The Boeing 720 was a shorter and lighter 707. It was Boeing's first attempt at a medium range, medium capacity jetliner.

First impressions
Details are very crisp and the execution is clean. The 10 major airframe parts comprising the wings, fuselage and tailplanes are vacuformed on one large sheet while the engines are resin and the landing gear struts and wheels are white metal. I always draw around the edges of vac parts with a marker to aid in the sanding process. Once I've sanded up to the edge of the marked line I know that the part will be the proper shape. If I can still see white below it, I know that I need to sand more. I've cut the parts away from their backing sheet so they can clearly be seen in the pictures.
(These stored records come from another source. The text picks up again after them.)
(* Let $(X,Y,Z)$ be jointly distributed with $X\in\mathcal X$, $Y\in\mathcal Y$ (a finite set of classes, indexed so that ''smallest index'' is meaningful) and $Z\in\{0,1\}^K$, with $\Pr(Z_k=1)>0$ for all $k\in[K]$. Let $\mathbb P_X$ be the marginal of $X$. Let $r:\mathcal X\times\mathcal Y\to[0,\infty)$ be a pointwise risk, and let $g(x,k)=\Pr(Z_k=1\mid X=x)$. Let $\mathcal C=\{(y_1,\mathcal I_1),\dots,(y_C,\mathcal I_C)\}$ be fairness constraints and $\alpha\in[0,1]$. Assume the uniqueness assumption holds for $(r,g)$ under $\mathbb P_X$. Let $\{\psi_{c,k}:c\in[C],k\in\mathcal I_c\}$ be (the $\psi$-part of) a maximizer of the Dual LP$(r,g,\mathbb P_X,\mathcal C,\alpha)$. Then the classifier $$h(x)=\operatorname*{argmin}_{y\in\mathcal Y}\Big(r(x,y)+\sum_{k\in[K]}g(x,k)w(y,k)\Big),\qquad w(y,k)=-\sum_{c\in[C]}\mathbf 1[y_c=y,\,k\in\mathcal I_c]\frac{\psi_{c,k}}{\Pr(Z_k=1)},$$ (ties broken to the minimizing class with the smallest index) is a minimizer of $$\min_{h:\mathcal X\to\mathcal Y}\mathbb E[r(X,h(X))]\quad\text{subject to } h \text{ satisfying } \alpha\text{-group fairness w.r.t. } \mathcal C,$$ where the minimum is over (possibly randomized) classifiers.
   Context: Fairness constraints: $\mathcal C=\{(y_c,\mathcal I_c)\}_{c\in[C]}$ with $y_c\in\mathcal Y$ and $\mathcal I_c\subseteq[K]$. A (randomized) classifier $h:\mathcal X\to\mathcal Y$ satisfies $\alpha$-group fairness w.r.t. $\mathcal C$ if $\max_{k,k'\in\mathcal I_c}|\Pr(h(X)=y_c\mid Z_k=1)-\Pr(h(X)=y_c\mid Z_{k'}=1)|\le\alpha$ for all $c\in[C]$ (the randomness of $h$ given $X$ is independent of $(Y,Z)$). Dual LP$(r,g,P,\mathcal C,\alpha)$ for a distribution $P$ on $\mathcal X$: maximize over $\phi:\mathcal X\to\mathbb R$ and reals $\psi=\{\psi_{c,k}:c\in[C],k\in\mathcal I_c\}$ the objective $\mathbb E_{X\sim P}[\phi(X)]-\frac\alpha2\sum_{c\in[C]}\sum_{k\in\mathcal I_c}|\psi_{c,k}|$ subject to $\phi(x)+\sum_{c:y_c=y}\sum_{k\in\mathcal I_c}g(x,k)\frac{\psi_{c,k}}{\mathbb E_{X\sim P}[g(X,k)]}\le r(x,y)$ for all $x\in\mathcal X,y\in\mathcal Y$, and $\sum_{k\in\mathcal I_c}\psi_{c,k}=0$ for all $c$. (For the Bayes $g$ and $P=\mathbb P_X$, $\mathbb E_P[g(X,k)]=\Pr(Z_k=1)$.) Uniqueness assumption for $(r,g)$ under $P$: for every $w:\mathcal Y\times[K]\to\mathbb R$, the set $\operatorname{argmin}_{y\in\mathcal Y}\big(r(X,y)-\sum_k g(X,k)w(y,k)\big)$ has exactly one element for $P$-almost every $X$. *)

From HB Require Import structures.
From mathcomp Require Import all_boot all_order all_algebra.
From mathcomp Require Import all_classical all_reals all_analysis.
Set Implicit Arguments. Unset Strict Implicit. Unset Printing Implicit Defensive.
Import Order.TTheory GRing.Theory Num.Theory.
Local Open Scope classical_set_scope.
Local Open Scope ring_scope.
The fuselage is moulded in Welsh's traditional thick vacuform plastic with 3 bulkheads to keep it from collapsing. Windows are provided as decals with a note on the instruction sheet advising the modeller to apply the decals as a guide for marking their positions preparatory to drilling them out if clear windows are desired. Nose weight will be required. In addition to the bulkheads, small tabs cut from the backing sheet should be glued to the fuselage halves to help keep then aligned and to add to the gluing surface. Give them a little curl before gluing to keep the fuselage circular. Welsh has captured the often elusive Boeing nose shape very well. The fin will need careful sanding to achieve a sharp trailing edge. The fin tip HF antenna is not supplied so it will need to be scratch-built. A nice big needle, properly blunted to prevent injury would work well. There is a small spar intended to help set the wings' dihedral angle which will have to be glued into the fuselage before closing it. Its location is not marked on the wing root area, nor is it marked on the instructions so some care must be taken to make sure it's properly placed. A small nose gear well should be made and inserted into the fuselage. Since the opening will be mostly filled by the nose gear strut it does not have to be super-detailed.

The wings are offered in top and bottom pieces for each wing. The main gear wells will need opening up and detailing. The wings will need careful sanding to set the thickness properly and to achieve a sharp trailing edge. Welsh managed to capture the wing glove that was a feature of the 720 and which for so long was a legend among airliner modellers, rarely identified in photographs. Note the kink of the leading edge in this picture: http://www.airliners.net/photo/Eagle-Air-of/Boeing-720-025/1819653/L/ Since airliners are most commonly photographed from the side, it's not often captured on film.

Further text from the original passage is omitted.